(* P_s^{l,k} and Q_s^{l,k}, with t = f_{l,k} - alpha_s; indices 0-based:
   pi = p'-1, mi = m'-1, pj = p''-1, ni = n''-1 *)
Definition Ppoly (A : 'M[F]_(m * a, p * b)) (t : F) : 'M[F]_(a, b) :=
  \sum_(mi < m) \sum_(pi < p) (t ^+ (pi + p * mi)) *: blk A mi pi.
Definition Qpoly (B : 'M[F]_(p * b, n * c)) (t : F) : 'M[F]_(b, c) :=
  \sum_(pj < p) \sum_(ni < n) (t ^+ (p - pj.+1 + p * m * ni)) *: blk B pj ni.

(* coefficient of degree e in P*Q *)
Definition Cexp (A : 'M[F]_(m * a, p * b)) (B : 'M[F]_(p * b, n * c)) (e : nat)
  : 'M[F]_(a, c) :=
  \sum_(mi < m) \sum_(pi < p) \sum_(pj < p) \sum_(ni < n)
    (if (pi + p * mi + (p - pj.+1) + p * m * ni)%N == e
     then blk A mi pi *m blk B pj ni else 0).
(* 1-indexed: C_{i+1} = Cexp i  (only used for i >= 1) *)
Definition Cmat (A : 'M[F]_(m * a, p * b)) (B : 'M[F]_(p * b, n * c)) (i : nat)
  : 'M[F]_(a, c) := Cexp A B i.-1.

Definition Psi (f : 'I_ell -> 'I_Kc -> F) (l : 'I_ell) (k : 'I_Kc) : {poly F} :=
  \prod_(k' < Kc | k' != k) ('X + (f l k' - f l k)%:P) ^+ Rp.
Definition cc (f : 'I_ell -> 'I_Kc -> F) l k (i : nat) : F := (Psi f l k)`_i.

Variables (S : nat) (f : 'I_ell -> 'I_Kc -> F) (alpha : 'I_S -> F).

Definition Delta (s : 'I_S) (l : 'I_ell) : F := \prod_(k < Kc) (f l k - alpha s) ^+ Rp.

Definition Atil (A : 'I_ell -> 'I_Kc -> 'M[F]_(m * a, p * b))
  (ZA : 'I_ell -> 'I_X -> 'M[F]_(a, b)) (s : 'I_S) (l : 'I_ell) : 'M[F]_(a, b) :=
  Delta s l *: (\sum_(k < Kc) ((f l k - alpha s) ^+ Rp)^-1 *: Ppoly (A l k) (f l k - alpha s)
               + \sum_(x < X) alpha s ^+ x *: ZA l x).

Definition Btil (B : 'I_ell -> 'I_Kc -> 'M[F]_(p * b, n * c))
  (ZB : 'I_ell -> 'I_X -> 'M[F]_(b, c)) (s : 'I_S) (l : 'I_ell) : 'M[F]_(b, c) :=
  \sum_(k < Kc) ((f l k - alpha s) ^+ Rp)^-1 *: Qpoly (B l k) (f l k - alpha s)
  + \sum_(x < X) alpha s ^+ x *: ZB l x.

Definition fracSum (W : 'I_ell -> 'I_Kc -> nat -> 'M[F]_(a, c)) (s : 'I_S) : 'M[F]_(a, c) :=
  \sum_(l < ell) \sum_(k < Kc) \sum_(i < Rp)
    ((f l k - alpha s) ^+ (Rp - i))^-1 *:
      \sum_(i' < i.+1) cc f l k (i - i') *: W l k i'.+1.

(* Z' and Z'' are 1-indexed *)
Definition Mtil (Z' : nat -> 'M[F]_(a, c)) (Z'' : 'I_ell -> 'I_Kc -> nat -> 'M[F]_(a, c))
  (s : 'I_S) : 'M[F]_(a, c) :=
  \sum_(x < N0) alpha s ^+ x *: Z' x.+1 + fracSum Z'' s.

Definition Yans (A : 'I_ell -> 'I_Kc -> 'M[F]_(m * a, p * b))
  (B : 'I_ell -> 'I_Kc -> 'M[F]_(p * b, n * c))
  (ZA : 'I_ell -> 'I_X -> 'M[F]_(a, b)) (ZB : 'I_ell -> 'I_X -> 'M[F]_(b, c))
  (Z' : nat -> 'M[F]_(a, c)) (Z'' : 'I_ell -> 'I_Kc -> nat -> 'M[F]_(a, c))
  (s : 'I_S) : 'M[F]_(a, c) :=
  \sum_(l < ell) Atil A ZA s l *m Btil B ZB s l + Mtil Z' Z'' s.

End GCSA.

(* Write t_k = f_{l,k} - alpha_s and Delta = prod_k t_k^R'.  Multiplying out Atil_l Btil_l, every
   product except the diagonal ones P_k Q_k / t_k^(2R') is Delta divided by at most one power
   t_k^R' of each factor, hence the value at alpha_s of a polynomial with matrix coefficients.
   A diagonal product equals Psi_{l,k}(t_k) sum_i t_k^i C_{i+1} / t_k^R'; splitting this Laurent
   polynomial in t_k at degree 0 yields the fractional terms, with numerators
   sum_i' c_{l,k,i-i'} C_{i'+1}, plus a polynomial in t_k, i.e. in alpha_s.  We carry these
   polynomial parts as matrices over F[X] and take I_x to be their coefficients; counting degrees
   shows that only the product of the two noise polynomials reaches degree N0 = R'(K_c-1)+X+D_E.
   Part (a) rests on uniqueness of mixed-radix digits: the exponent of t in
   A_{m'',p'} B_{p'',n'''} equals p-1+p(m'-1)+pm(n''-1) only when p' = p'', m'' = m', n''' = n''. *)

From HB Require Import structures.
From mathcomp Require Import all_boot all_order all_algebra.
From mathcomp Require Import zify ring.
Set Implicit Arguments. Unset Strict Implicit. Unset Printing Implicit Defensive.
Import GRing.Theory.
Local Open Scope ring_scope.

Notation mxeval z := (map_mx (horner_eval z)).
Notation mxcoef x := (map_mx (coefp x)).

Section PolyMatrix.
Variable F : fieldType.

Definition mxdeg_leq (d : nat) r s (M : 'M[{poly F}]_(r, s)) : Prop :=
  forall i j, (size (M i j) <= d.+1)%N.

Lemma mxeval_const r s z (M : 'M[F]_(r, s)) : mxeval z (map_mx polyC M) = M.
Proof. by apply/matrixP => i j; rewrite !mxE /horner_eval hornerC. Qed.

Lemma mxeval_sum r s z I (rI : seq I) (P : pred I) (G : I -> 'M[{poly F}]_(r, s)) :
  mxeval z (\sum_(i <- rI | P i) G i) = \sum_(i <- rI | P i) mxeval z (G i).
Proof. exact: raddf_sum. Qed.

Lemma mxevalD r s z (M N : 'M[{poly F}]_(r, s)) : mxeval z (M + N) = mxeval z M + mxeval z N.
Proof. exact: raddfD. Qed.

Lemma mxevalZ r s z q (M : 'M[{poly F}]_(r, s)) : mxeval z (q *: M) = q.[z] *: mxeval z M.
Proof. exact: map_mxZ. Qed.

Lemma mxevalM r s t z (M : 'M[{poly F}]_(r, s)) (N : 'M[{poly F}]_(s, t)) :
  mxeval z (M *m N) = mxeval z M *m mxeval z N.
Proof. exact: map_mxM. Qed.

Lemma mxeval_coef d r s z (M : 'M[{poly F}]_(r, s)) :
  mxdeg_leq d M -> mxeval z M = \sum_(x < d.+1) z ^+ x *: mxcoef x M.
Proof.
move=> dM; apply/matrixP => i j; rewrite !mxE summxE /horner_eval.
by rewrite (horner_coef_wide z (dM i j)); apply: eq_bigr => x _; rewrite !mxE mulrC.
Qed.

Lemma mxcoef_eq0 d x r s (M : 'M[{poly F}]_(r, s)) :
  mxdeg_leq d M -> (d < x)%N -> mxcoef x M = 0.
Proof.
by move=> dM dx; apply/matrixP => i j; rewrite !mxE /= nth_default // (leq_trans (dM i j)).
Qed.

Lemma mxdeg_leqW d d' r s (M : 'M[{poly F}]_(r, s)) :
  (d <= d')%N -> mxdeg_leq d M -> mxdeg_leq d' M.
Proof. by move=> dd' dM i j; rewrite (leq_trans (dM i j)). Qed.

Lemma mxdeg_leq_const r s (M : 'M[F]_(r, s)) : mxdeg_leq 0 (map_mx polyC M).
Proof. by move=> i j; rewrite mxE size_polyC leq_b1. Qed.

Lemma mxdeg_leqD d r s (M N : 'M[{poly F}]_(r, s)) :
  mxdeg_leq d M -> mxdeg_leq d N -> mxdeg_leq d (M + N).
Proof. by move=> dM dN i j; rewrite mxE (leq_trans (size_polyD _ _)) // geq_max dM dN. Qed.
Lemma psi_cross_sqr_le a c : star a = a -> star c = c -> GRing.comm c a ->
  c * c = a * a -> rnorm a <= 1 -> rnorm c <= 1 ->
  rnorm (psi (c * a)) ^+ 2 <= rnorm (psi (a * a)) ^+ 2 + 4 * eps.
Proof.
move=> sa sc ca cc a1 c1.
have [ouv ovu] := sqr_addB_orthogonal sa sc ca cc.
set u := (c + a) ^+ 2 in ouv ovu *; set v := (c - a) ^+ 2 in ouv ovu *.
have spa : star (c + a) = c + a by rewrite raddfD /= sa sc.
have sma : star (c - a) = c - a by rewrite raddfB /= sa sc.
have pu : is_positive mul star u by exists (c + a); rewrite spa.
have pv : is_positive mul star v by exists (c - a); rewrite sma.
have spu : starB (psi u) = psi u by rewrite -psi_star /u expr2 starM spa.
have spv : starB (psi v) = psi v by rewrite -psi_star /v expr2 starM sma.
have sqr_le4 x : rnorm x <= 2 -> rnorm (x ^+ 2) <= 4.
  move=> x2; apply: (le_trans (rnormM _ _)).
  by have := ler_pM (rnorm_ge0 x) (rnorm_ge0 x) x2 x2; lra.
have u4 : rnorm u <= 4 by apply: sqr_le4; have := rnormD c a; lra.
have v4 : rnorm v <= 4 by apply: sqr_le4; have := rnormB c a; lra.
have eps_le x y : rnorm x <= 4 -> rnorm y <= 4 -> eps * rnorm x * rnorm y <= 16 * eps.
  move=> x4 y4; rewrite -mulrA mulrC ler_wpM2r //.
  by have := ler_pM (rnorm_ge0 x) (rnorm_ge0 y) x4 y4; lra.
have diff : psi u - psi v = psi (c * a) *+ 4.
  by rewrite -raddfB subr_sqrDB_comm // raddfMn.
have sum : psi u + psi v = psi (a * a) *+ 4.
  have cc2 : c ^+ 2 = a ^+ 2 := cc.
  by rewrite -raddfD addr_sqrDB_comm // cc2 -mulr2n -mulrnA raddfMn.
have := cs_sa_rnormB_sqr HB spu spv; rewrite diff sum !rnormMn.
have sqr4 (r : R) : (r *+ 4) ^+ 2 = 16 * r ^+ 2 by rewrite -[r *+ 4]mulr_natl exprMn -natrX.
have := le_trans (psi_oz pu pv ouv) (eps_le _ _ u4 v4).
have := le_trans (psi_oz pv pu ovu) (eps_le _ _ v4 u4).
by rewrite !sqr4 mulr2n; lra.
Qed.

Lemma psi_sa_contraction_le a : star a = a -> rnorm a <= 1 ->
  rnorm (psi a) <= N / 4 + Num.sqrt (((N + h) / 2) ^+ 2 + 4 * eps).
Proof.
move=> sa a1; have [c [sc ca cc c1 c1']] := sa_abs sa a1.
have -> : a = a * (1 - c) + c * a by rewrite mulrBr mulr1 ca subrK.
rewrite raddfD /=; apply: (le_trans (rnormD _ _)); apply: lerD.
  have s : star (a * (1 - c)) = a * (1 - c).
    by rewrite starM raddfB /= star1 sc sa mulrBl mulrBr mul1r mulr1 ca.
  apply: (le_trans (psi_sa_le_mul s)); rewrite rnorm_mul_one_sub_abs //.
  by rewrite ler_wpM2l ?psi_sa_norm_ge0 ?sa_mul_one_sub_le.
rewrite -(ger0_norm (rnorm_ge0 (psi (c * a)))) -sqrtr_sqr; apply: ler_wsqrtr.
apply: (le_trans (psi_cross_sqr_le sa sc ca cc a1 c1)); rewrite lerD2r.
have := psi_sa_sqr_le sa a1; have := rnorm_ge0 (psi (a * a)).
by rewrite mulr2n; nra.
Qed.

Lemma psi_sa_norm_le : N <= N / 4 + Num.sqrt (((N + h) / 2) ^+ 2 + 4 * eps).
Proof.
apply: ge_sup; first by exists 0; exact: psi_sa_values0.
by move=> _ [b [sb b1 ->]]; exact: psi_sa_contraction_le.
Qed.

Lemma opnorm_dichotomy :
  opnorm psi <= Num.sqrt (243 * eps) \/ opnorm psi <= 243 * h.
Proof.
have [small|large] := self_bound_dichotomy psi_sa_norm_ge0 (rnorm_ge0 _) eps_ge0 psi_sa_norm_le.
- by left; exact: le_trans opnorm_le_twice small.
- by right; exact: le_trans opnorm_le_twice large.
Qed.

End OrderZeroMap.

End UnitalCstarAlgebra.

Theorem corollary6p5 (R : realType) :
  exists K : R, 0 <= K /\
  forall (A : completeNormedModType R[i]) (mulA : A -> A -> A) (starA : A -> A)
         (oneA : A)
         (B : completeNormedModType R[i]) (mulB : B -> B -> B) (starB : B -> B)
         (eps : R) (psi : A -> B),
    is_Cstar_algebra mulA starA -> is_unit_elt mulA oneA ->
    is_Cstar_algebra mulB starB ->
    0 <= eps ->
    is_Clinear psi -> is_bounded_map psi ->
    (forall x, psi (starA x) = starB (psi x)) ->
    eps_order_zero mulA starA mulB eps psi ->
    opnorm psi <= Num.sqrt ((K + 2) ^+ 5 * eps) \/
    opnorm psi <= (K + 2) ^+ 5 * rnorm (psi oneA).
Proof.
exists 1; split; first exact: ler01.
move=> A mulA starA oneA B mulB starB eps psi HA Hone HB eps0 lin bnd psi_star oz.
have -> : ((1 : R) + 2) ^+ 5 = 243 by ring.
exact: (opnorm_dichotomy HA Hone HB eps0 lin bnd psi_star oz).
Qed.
■ ■ ■ ■ ■
PROMPT: Give the lines again, exactly as they stand, from the beginning of the data through the line with "(if (pi + p".

EXERCISE RESPONSE:
(* P_s^{l,k} and Q_s^{l,k}, with t = f_{l,k} - alpha_s; indices 0-based:
   pi = p'-1, mi = m'-1, pj = p''-1, ni = n''-1 *)
Definition Ppoly (A : 'M[F]_(m * a, p * b)) (t : F) : 'M[F]_(a, b) :=
  \sum_(mi < m) \sum_(pi < p) (t ^+ (pi + p * mi)) *: blk A mi pi.
Definition Qpoly (B : 'M[F]_(p * b, n * c)) (t : F) : 'M[F]_(b, c) :=
  \sum_(pj < p) \sum_(ni < n) (t ^+ (p - pj.+1 + p * m * ni)) *: blk B pj ni.

(* coefficient of degree e in P*Q *)
Definition Cexp (A : 'M[F]_(m * a, p * b)) (B : 'M[F]_(p * b, n * c)) (e : nat)
  : 'M[F]_(a, c) :=
  \sum_(mi < m) \sum_(pi < p) \sum_(pj < p) \sum_(ni < n)
    (if (pi + p * mi + (p - pj.+1) + p * m * ni)%N == e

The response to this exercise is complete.